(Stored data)

== Segment start ==

Lemma dew_regret_effective K T l d dmax et a : (1 <= K)%nat -> 0 < et -> (a < K)%nat ->
  (forall t c, (1 <= t)%nat -> (c < K)%nat -> 0 <= l t c <= 1) ->
  (forall t, (1 <= t)%nat -> INR (d t) <= dmax) ->
  et * (4 * exp 1 * dmax) <= 1 ->
  Ex K (dew_kernel K et l d) T [] (fun g => sumR T (fun n => l (S n) (nth n g 0%nat)))
  - cum_loss T l a
  <= ln (INR K) / et + et * (INR K * INR T * exp 1 / 2 + total_delay T d).
Proof.
  intros HK Het Ha Hl Hd Hc.
  pose proof (E_dew_vs_ref K et l d HK Hl Het T) as Hdelay.
  pose proof (E_ref_regret K et l d HK Hl Het dmax Hd Hc T a Ha) as Hhedge.
  pose proof (pending_total_le_delay d T) as Hcount.
  assert (et * sumR T (fun n => sumR n (fun i => if (S i + d (S i) <=? n)%nat then 0 else 1))
          <= et * total_delay T d) by (apply Rmult_le_compat_l; lra).
  lra.
Qed.

Lemma dew_exp_loss_Ex K eta dmax l d n h : (1 <= K)%nat ->
  dew_exp_loss K eta dmax l d n h =
  Ex K (dew_kernel K (eta_prime eta dmax) l d) n h
     (fun g => sumR n (fun i => l (S (length h + i)) (nth (length h + i) g 0%nat))).
Proof.
  intros HK. revert h. induction n as [|n IH]; intros h; [reflexivity|]. cbn [Ex dew_exp_loss].
  apply sumR_ext. intros a _. f_equal. rewrite IH.
  rewrite <- (Ex_const K _ (dew_kernel_sum K (eta_prime eta dmax) l d HK) n (h ++ [a])
                (l (S (length h)) a)) at 1.
  rewrite <- Ex_plus. apply Ex_ext. intros rest _.
  rewrite sumR_shift, Nat.add_0_r, <- app_assoc. simpl app.
  replace (nth (length h) (h ++ a :: rest) 0%nat) with a
    by (rewrite app_nth2, Nat.sub_diag by lia; reflexivity).
  f_equal. rewrite length_app. simpl length. apply sumR_ext. intros i _.
  replace (length h + S i)%nat with (length h + 1 + i)%nat by lia. reflexivity.
Qed.

Lemma eta_prime_spec eta dmax c : 0 < eta -> 0 <= dmax -> 0 <= c ->
  let et := eta_prime eta dmax in
  0 < et /\ et <= eta /\ et * (4 * exp 1 * dmax) <= 1 /\
  c / et <= Rmax (c / eta) (4 * exp 1 * dmax * c).
Proof.
  intros Heta Hdm Hcnn. pose proof (exp_pos 1). unfold eta_prime.
  destruct (Rle_dec (eta * (4 * exp 1 * dmax)) 1) as [Hle|Hgt].
  - repeat split; auto; try lra. apply Rmax_l.
  - apply Rnot_le_lt in Hgt.
    assert (0 < 4 * exp 1 * dmax)
      by (destruct (Rle_dec (4 * exp 1 * dmax) 0); [nra | lra]).
    repeat split.
    + apply Rinv_0_lt_compat; auto.
    + apply Rmult_le_reg_r with (4 * exp 1 * dmax); auto. rewrite Rinv_l by lra. lra.
    + rewrite Rinv_l by lra. lra.
    + eapply Rle_trans; [|apply Rmax_r]. right. unfold Rdiv. rewrite Rinv_inv. ring.
Qed.
Lemma norm_conv_hnorm (u : nat -> E) l c :
  norm_conv u l -> Un_cv (fun n => hnorm (hsub (u n) c)) (hnorm (hsub l c)).
Proof.
  intros H eps Heps; destruct (H eps Heps) as [N HN]; exists N; intros n Hn.
  specialize (HN n Hn); unfold Rdist.
  pose proof (hnorm_sub_triangle (u n) l c); pose proof (hnorm_sub_triangle l (u n) c) as Ht.
  rewrite (hnorm_sub_sym l (u n)) in Ht; apply Rabs_def1; lra.
Qed.

Lemma weak_conv_subseq (y : nat -> E) l th :
  weak_conv y l -> sincr th -> weak_conv (fun k => y (th k)) l.
Proof. intros H Hth v; now apply (Un_cv_subseq (fun n => inner (y n) v)). Qed.

Lemma norm_conv_of_dist_lt (u : nat -> E) l (d : nat -> R) :
  (forall n, hnorm (hsub (u n) l) < d n) -> Un_cv d 0 -> norm_conv u l.
Proof.
  intros Hd Hcv eps He; destruct (Hcv eps He) as [N HN]; exists N; intros n Hn.
  specialize (HN n Hn); unfold Rdist in HN; rewrite Rminus_0_r in HN.
  pose proof (Rle_abs (d n)); specialize (Hd n); lra.
Qed.

Lemma geometric_steps_cv (s : nat -> E) beta r : 0 <= r < 1 ->
  (forall k, hnorm (hsub (s (S k)) (s k)) <= beta * r ^ k) ->
  exists l, norm_conv s l /\ forall k, hnorm (hsub l (s k)) <= beta * r ^ k / (1 - r).
Proof.
  intros Hr Hs.
  assert (Hb : 0 <= beta) by (specialize (Hs O); pose proof (hnorm_ge0 (hsub (s 1%nat) (s O))); simpl in Hs; lra).
  assert (Hpow : forall k, 0 <= r ^ k) by (intro; apply pow_le; lra).
  assert (Hc : forall k m, (k <= m)%nat ->
            hnorm (hsub (s m) (s k)) <= beta * (r ^ k - r ^ m) / (1 - r)).
  { intros k m Hkm; induction Hkm.
    - rewrite hnorm_sub_diag; unfold Rdiv; rewrite Rminus_diag; lra.
    - eapply Rle_trans; [apply (hnorm_sub_triangle _ (s m)) |].
      replace (beta * (r ^ k - r ^ S m) / (1 - r))
        with (beta * r ^ m + beta * (r ^ k - r ^ m) / (1 - r)) by (simpl; field; lra).
      specialize (Hs m); lra. }
  assert (Hc' : forall k m, (k <= m)%nat -> hnorm (hsub (s m) (s k)) <= beta * r ^ k / (1 - r)).
  { intros k m Hkm; eapply Rle_trans; [apply Hc, Hkm |].
    apply Rmult_le_compat_r; [apply Rlt_le, Rinv_0_lt_compat; lra |].
    specialize (Hpow m); nra. }
  destruct (hilbert_complete s) as [l Hl].
  { intros eps He.
    destruct (pow_lt_1_zero r ltac:(rewrite Rabs_pos_eq; lra) (eps * (1 - r) / (beta + 1)))
      as [N HN]; [apply Rdiv_lt_0_compat; nra |].
    assert (Hk : forall k j, (N <= k)%nat -> (k <= j)%nat -> hnorm (hsub (s j) (s k)) < eps).
    { intros k j Hk Hkj; eapply Rle_lt_trans; [apply Hc', Hkj |].
      specialize (HN k Hk); rewrite Rabs_pos_eq in HN by apply Hpow.
      apply (Rmult_lt_compat_l (beta + 1)) in HN; [| lra].
      replace ((beta + 1) * (eps * (1 - r) / (beta + 1))) with (eps * (1 - r)) in HN by (field; lra).
      apply (Rmult_lt_reg_r (1 - r)); [lra |].
      replace (beta * r ^ k / (1 - r) * (1 - r)) with (beta * r ^ k) by (field; lra).
      specialize (Hpow k); nra. }
    exists N; intros m n Hm Hn; destruct (Nat.le_ge_cases m n).
    - rewrite hnorm_sub_sym; auto.
    - auto. }
  exists l; split; auto; intro k.
  apply (Un_cv_le_eventually (fun m => hnorm (hsub (s m) (s k)))); [now apply norm_conv_hnorm |].
  exists k; apply Hc'.
Qed.
(* Let $G$ be a very well-covered graph with $V(G)=\{x_1,\ldots,x_h,y_1,\ldots,y_h\}$ such that $\{x_1,\ldots,x_h\}$ is a minimal vertex cover, $\{y_1,\ldots,y_h\}$ a maximal independent set and $\{x_i,y_i\}\in E(G)$ for all $i$. Let $s\ge1$, $e_1,\ldots,e_s\in E(G)$, and let $G'$ be the graph associated to $(I(G)^{s+1}:e_1\cdots e_s)$ as in the context. Suppose $(u=p_0)p_1\cdots p_{2k}(p_{2k+1}=v)$, $k\ge1$, is an even-connection in $G$ with respect to $e_1\cdots e_s$. If $\{w,p_i\}\in E(G')$ for some $0\le i\le 2k+1$, then $\{u,w\}\in E(G')$ or $\{v,w\}\in E(G')$.
   Context: $I(G)$ is the edge ideal; edges are identified with the products of their endpoints. $G$ is very well-covered if it has no isolated vertices, all minimal vertex covers have the same size, and this size is $|V(G)|/2$. Even-connection: a sequence $p_0p_1\cdots p_{2k+1}$, $k\ge1$, of vertices with $\{p_r,p_{r+1}\}\in E(G)$ for all $r$, each $\{p_{2\ell+1},p_{2\ell+2}\}$ ($0\le\ell\le k-1$) equal to some $e_m$, and each edge used among these at most as many times as it appears in $e_1,\dots,e_s$; then $p_0,p_{2k+1}$ (possibly equal) are even-connected. $(I(G)^{s+1}:e_1\cdots e_s)$ is minimally generated by $uv$ with $\{u,v\}\in E(G)$ or $u,v$ even-connected; $G'$ is the graph whose edge ideal is the polarization of this ideal (each generator $u^2$ replaced by $uu^*$ with a new vertex $u^*$), so for $u\ne v\in V(G)$, $\{u,v\}\in E(G')$ iff $\{u,v\}\in E(G)$ or $u,v$ are even-connected. *)

From mathcomp Require Import all_boot.
Set Implicit Arguments. Unset Strict Implicit. Unset Printing Implicit Defensive.

Section Graphs.
Variable T : finType.
Variable G : rel T.

Definition simple_graph := symmetric G /\ irreflexive G.

Definition vertex_cover (C : {set T}) :=
  forall a b, G a b -> (a \in C) || (b \in C).

Definition minimal_vertex_cover (C : {set T}) :=
  vertex_cover C /\ forall D : {set T}, D \proper C -> ~ vertex_cover D.

Definition independent (S : {set T}) :=
  forall a b, a \in S -> b \in S -> ~~ G a b.

Definition maximal_independent (S : {set T}) :=
  independent S /\ forall S' : {set T}, S \proper S' -> ~ independent S'.

Definition very_well_covered :=
  (forall a, exists b, G a b) /\
  forall C : {set T}, minimal_vertex_cover C -> (#|C| * 2 = #|T|)%N.

Definition ueq (f g : T * T) : bool :=
  ((f.1 == g.1) && (f.2 == g.2)) || ((f.1 == g.2) && (f.2 == g.1)).

Definition used_edges (x0 : T) (p : seq T) (k : nat) : seq (T * T) :=
  [seq (nth x0 p (2 * l).+1, nth x0 p (2 * l).+2) | l <- iota 0 k].

(* p = [:: p_0; p_1; ...; p_(2k+1)] (k >= 1) is an even-connection with
   respect to e_1 ... e_s, where es = [:: e_1; ...; e_s] lists the edges e_m
   as pairs of endpoints (with repetitions).  x0 is only a default value for
   nth; all indices used are < size p, so it is irrelevant. *)
Definition even_connection_seq (x0 : T) (es : seq (T * T)) (p : seq T) (k : nat) :=
  [/\ (1 <= k)%N,
      size p = (2 * k).+2,
      (forall r, (r < (2 * k).+1)%N -> G (nth x0 p r) (nth x0 p r.+1)) &
      (* each {p_(2l+1), p_(2l+2)} is some e_m, each edge used at most as
         many times as it appears among e_1, ..., e_s *)
      forall f : T * T,
        (count (ueq f) (used_edges x0 p k) <= count (ueq f) es)%N].

Definition even_connected (es : seq (T * T)) (u v : T) :=
  exists (p : seq T) (k : nat),
    [/\ even_connection_seq u es p k, nth u p 0 = u & nth u p (2 * k).+1 = v].

(* Edges of G' (polarization of (I(G)^(s+1) : e_1...e_s)) between vertices of
   G: for a != b, {a,b} in E(G') iff {a,b} in E(G) or a, b even-connected.
   For a = b we let G'_edge a a mean that the generator a^2 is present, i.e.
   {a, a*} is an edge of G' (iff a is even-connected to itself). *)
Definition G'_edge (es : seq (T * T)) (a b : T) : Prop :=
  if a == b then even_connected es a a else G a b \/ even_connected es a b.
End Graphs.

From mathcomp Require Import all_boot zify.
Set Implicit Arguments. Unset Strict Implicit. Unset Printing Implicit Defensive.

(* Record an even-connection by its distinguished edges (p_(2l+1), p_(2l+2)),
   consecutive ones being joined by edges of G.  If {w, p_i} is an edge of G
   and p_i is inside the path, then w followed by the part of the path from
   the distinguished edge through p_i onwards to v (or, reversed, back to u)
   is an even-connection.  If instead w is even-connected to p_i by a path q,
   cut q at its first distinguished edge that p also uses (in either
   orientation) and continue along p from there: the two pieces use disjoint
   edges, so the multiplicities still fit inside e_1 ... e_s. *)

Definition pair_swap (T : Type) (e : T * T) := (e.2, e.1).

Section UnorderedPairs.
Variable T : finType.
Implicit Types (e f g : T * T) (A B C : seq (T * T)).

Lemma ueqP f g : reflect (g = f \/ g = pair_swap f) (ueq f g).
Proof.
case: f g => [a b] [c d]; rewrite /ueq /pair_swap /=.
apply: (iffP idP).
- by case/orP => /andP [/eqP -> /eqP ->]; [left | right].
- by case=> [[-> ->] | [-> ->]]; rewrite !eqxx ?orbT.
Qed.

Lemma ueq_swapr f g : ueq f (pair_swap g) = ueq f g.
Proof. by case: f g => [a b] [c d]; rewrite /ueq /pair_swap /= orbC. Qed.

Lemma ueq_sym f g : ueq f g = ueq g f.
Proof.
apply/ueqP/ueqP; case: f g => [a b] [c d] [[-> ->] | [-> ->]]; by [left | right].
Qed.

Lemma ueq_trans f g h : ueq f g -> ueq g h -> ueq f h.
Proof.
move=> /ueqP [->|->] /ueqP [->|->]; apply/ueqP; case: f => a b; by [left | right].
Qed.

Definition rev_edges A := rev (map (@pair_swap T) A).

Lemma count_ueq_rev_edges f A : count (ueq f) (rev_edges A) = count (ueq f) A.
Proof. by rewrite count_rev count_map; apply: eq_count => e; rewrite /= ueq_swapr. Qed.

Definition edge_submset A B := forall f, count (ueq f) A <= count (ueq f) B.

Definition edge_disjoint A B := forall e1 e2, e1 \in A -> e2 \in B -> ~~ ueq e1 e2.

Lemma edge_submset_prefix A B C : prefix A B -> edge_submset B C -> edge_submset A C.
Proof.
by move=> /prefixP [B' ->] sBC f; apply: leq_trans (sBC f); rewrite count_cat leq_addr.
Qed.

Lemma edge_submset_suffix A B C : edge_submset (A ++ B) C -> edge_submset B C.
Proof. by move=> sABC f; apply: leq_trans (sABC f); rewrite count_cat leq_addl. Qed.

Lemma edge_submset_rev A C : edge_submset A C -> edge_submset (rev_edges A) C.
Proof. by move=> sAC f; rewrite count_ueq_rev_edges. Qed.

(* A class of ueq meets at most one of two edge-disjoint lists. *)
Lemma edge_submset_cat A B C :
  edge_disjoint A B -> edge_submset A C -> edge_submset B C -> edge_submset (A ++ B) C.
Proof.
move=> dAB sAC sBC f; rewrite count_cat.
have [/hasP [e1 Ae1 fe1] | /hasPn noA] := boolP (has (ueq f) A).
  suff -> : count (ueq f) B = 0 by rewrite addn0 sAC.
  apply/eqP; rewrite -leqn0 leqNgt -has_count; apply/hasP => -[e2 Be2 fe2].
  by have /negP[] := dAB _ _ Ae1 Be2; rewrite ueq_sym in fe1; apply: ueq_trans fe1 fe2.
suff -> : count (ueq f) A = 0 by rewrite sBC.
by apply/eqP; rewrite -leqn0 leqNgt -has_count; apply/hasP => -[e Ae]; apply/negP/noA.
Qed.

Lemma edge_disjoint_rev A B : edge_disjoint A B -> edge_disjoint A (rev_edges B).
Proof.
move=> dAB e1 e2 Ae1; rewrite mem_rev => /mapP [e Be ->].
by rewrite ueq_swapr; apply: dAB.
Qed.

End UnorderedPairs.

Section AlternatingWalks.
Variable T : finType.
Variable G : rel T.
Hypothesis Gsym : symmetric G.

Fixpoint alt_walk (a : T) (ps : seq (T * T)) (c : T) : bool :=
  if ps is e :: ps' then [&& G a e.1, G e.1 e.2 & alt_walk e.2 ps' c] else G a c.

Lemma alt_walk_cat a ps1 e ps2 c :
  alt_walk a (ps1 ++ e :: ps2) c = [&& alt_walk a ps1 e.1, G e.1 e.2 & alt_walk e.2 ps2 c].
Proof. by elim: ps1 a => [|e' ps1 IH] a //=; rewrite IH !andbA. Qed.

Lemma alt_walk_rev a ps c : alt_walk a ps c -> alt_walk c (rev_edges ps) a.
Proof.
elim: ps a => [|e ps IH] a /=; first by rewrite Gsym.
case/and3P => Gae Ge Gps.
rewrite /rev_edges map_cons rev_cons -cats1 alt_walk_cat /=.
by rewrite IH //= Gsym Ge Gsym.
Qed.

End AlternatingWalks.

Section EvenConnections.
Variable T : finType.
Variable G : rel T.
Variable es : seq (T * T).

Definition even_linked (a c : T) :=
  exists ps, [/\ ps != [::], alt_walk G a ps c & edge_submset ps es].

Lemma used_edges_cons2 (x0 a b : T) p k :
  used_edges x0 [:: a, b & p] k.+1 = (b, nth x0 p 0) :: used_edges x0 p k.
Proof.
rewrite /used_edges /= -[iota 1 k]/(iota (1 + 0) k) iotaDl -map_comp; congr (_ :: _).
by apply: eq_map => l; rewrite /comp (_ : 2 * (1 + l) = (2 * l).+2) //; lia.
Qed.

Lemma alt_walk_used_edges x0 p k :
  size p = (2 * k).+2 ->
  (forall r, r < (2 * k).+1 -> G (nth x0 p r) (nth x0 p r.+1)) ->
  alt_walk G (nth x0 p 0) (used_edges x0 p k) (nth x0 p (2 * k).+1).
Proof.
elim: k p => [|k IH] [|a [|b p]] //.
  by case: p => // _ /(_ 0); apply.
have -> : 2 * k.+1 = (2 * k).+2 by lia.
move=> [size_p] adj_p; rewrite used_edges_cons2 /=.
rewrite (adj_p 0) // (adj_p 1) //; apply: IH => // r lt_r.
exact: (adj_p r.+2).
Qed.

Fixpoint walk_seq (a : T) (ps : seq (T * T)) (c : T) : seq T :=
  if ps is e :: ps' then a :: e.1 :: walk_seq e.2 ps' c else [:: a; c].

Lemma size_walk_seq a ps c : size (walk_seq a ps c) = (2 * size ps).+2.
Proof. by elim: ps a => [|e ps IH] a //=; rewrite IH; lia. Qed.

Lemma nth_walk_seq_last x0 a ps c : nth x0 (walk_seq a ps c) (2 * size ps).+1 = c.
Proof.
elim: ps a => [|e ps IH] a //.
by rewrite (_ : 2 * size (e :: ps) = (2 * size ps).+2) //= mulnS.
Qed.

Lemma used_edges_walk_seq x0 a ps c : used_edges x0 (walk_seq a ps c) (size ps) = ps.
Proof.
elim: ps a => [|[e1 e2] ps IH] a //=.
by rewrite used_edges_cons2 IH; case: ps {IH}.
Qed.

Lemma walk_seq_adjacent x0 a ps c r :
  alt_walk G a ps c -> r < (2 * size ps).+1 ->
  G (nth x0 (walk_seq a ps c) r) (nth x0 (walk_seq a ps c) r.+1).
Proof.
elim: ps a r => [|[e1 e2] ps IH] a [|[|r]] //= /and3P [Gae Ge walk] lt_r //.
- by case: ps {IH walk lt_r}.
- by apply: IH; rewrite // -ltnS; lia.
Qed.

Lemma even_connectedP a c : even_connected G es a c <-> even_linked a c.
Proof.
split.
- case=> p [k [[k_gt0 size_p adj_p count_p] p0 p_last]].
  exists (used_edges a p k); split => //.
  + by rewrite -size_eq0 size_map size_iota -lt0n.
  + by rewrite -{1}p0 -p_last; apply: alt_walk_used_edges.
- case=> ps [ps_nil walk count_ps].
  exists (walk_seq a ps c), (size ps); split; last exact: nth_walk_seq_last.
  + split; rewrite ?used_edges_walk_seq ?lt0n ?size_eq0 //.
    * exact: size_walk_seq.
    * by move=> r; apply: walk_seq_adjacent.
  + by case: ps {ps_nil walk count_ps}.
Qed.

Definition on_edges (z : T) (ps : seq (T * T)) := has (fun e => (z == e.1) || (z == e.2)) ps.

Lemma nth_even_connection x0 p k i : i <= (2 * k).+1 ->
  [|| nth x0 p i == nth x0 p 0, nth x0 p i == nth x0 p (2 * k).+1
    | on_edges (nth x0 p i) (used_edges x0 p k)].
Proof.
move=> le_i; have [-> | i_gt0] := posnP i; first by rewrite eqxx.
have [i_lt | i_ge] := ltnP i (2 * k).+1; last first.
  by rewrite (_ : i = (2 * k).+1) ?eqxx ?orbT //; lia.
apply/orP; right; apply/orP; right; apply/hasP.
move: (odd_double_half i.-1); rewrite -muln2; set l := i.-1./2 => def_l.
have l_lt : l < k by case: (odd _) def_l => /= def_l; lia.
exists (nth x0 p (2 * l).+1, nth x0 p (2 * l).+2) => /=.
  by apply/mapP; exists l; rewrite // mem_iota.
have [-> | ->] : i = (2 * l).+1 \/ i = (2 * l).+2
  by case: (odd _) def_l => /= def_l; lia.
all: by rewrite eqxx ?orbT.
Qed.

End EvenConnections.

Section Splicing.
Variable T : finType.
Variable G : rel T.
Hypothesis Gsym : symmetric G.
Variable es : seq (T * T).

Lemma even_linked_sym a c : even_linked G es a c -> even_linked G es c a.
Proof.
case=> ps [ps_nil walk sub]; exists (rev_edges ps); split.
- by rewrite -size_eq0 size_rev size_map size_eq0.
- exact: alt_walk_rev.
- exact: edge_submset_rev.
Qed.

Lemma splice_forward a A u ps v e :
  e \in ps -> alt_walk G a A e.1 -> alt_walk G u ps v ->
  edge_submset A es -> edge_submset ps es -> edge_disjoint A ps ->
  even_linked G es a v.
Proof.
case/splitPr=> ps1 ps2 walkA walk sA sps dA; exists (A ++ e :: ps2); split.
- by case: A {walkA sA dA}.
- by move: walk; rewrite !alt_walk_cat walkA => /and3P [_ -> ->].
- apply: edge_submset_cat => //; last exact: edge_submset_suffix sps.
  by move=> e1 e2 Ae1 e2_ps2; apply: dA; rewrite // mem_cat e2_ps2 orbT.
Qed.

Lemma splice_backward a A u ps v e :
  e \in ps -> alt_walk G a A e.2 -> alt_walk G u ps v ->
  edge_submset A es -> edge_submset ps es -> edge_disjoint A ps ->
  even_linked G es a u.
Proof.
move=> e_ps walkA walk sA sps dA.
have e_rev : pair_swap e \in rev_edges ps by rewrite mem_rev map_f.
exact: (splice_forward e_rev walkA (alt_walk_rev Gsym walk) sA
          (edge_submset_rev sps) (edge_disjoint_rev dA)).
Qed.

Lemma splice a A u ps v z :
  on_edges z ps -> alt_walk G a A z -> alt_walk G u ps v ->
  edge_submset A es -> edge_submset ps es -> edge_disjoint A ps ->
  even_linked G es a u \/ even_linked G es a v.
Proof.
case/hasP=> e e_ps /orP [] /eqP -> walkA walk sA sps dA.
- by right; apply: (splice_forward e_ps walkA walk).
- by left; apply: (splice_backward e_ps walkA walk).
Qed.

== Segment end ==

From the data above, copy out every line with the string "mathcomp" in it.

(Task response):
From mathcomp Require Import all_boot.
From mathcomp Require Import all_boot zify.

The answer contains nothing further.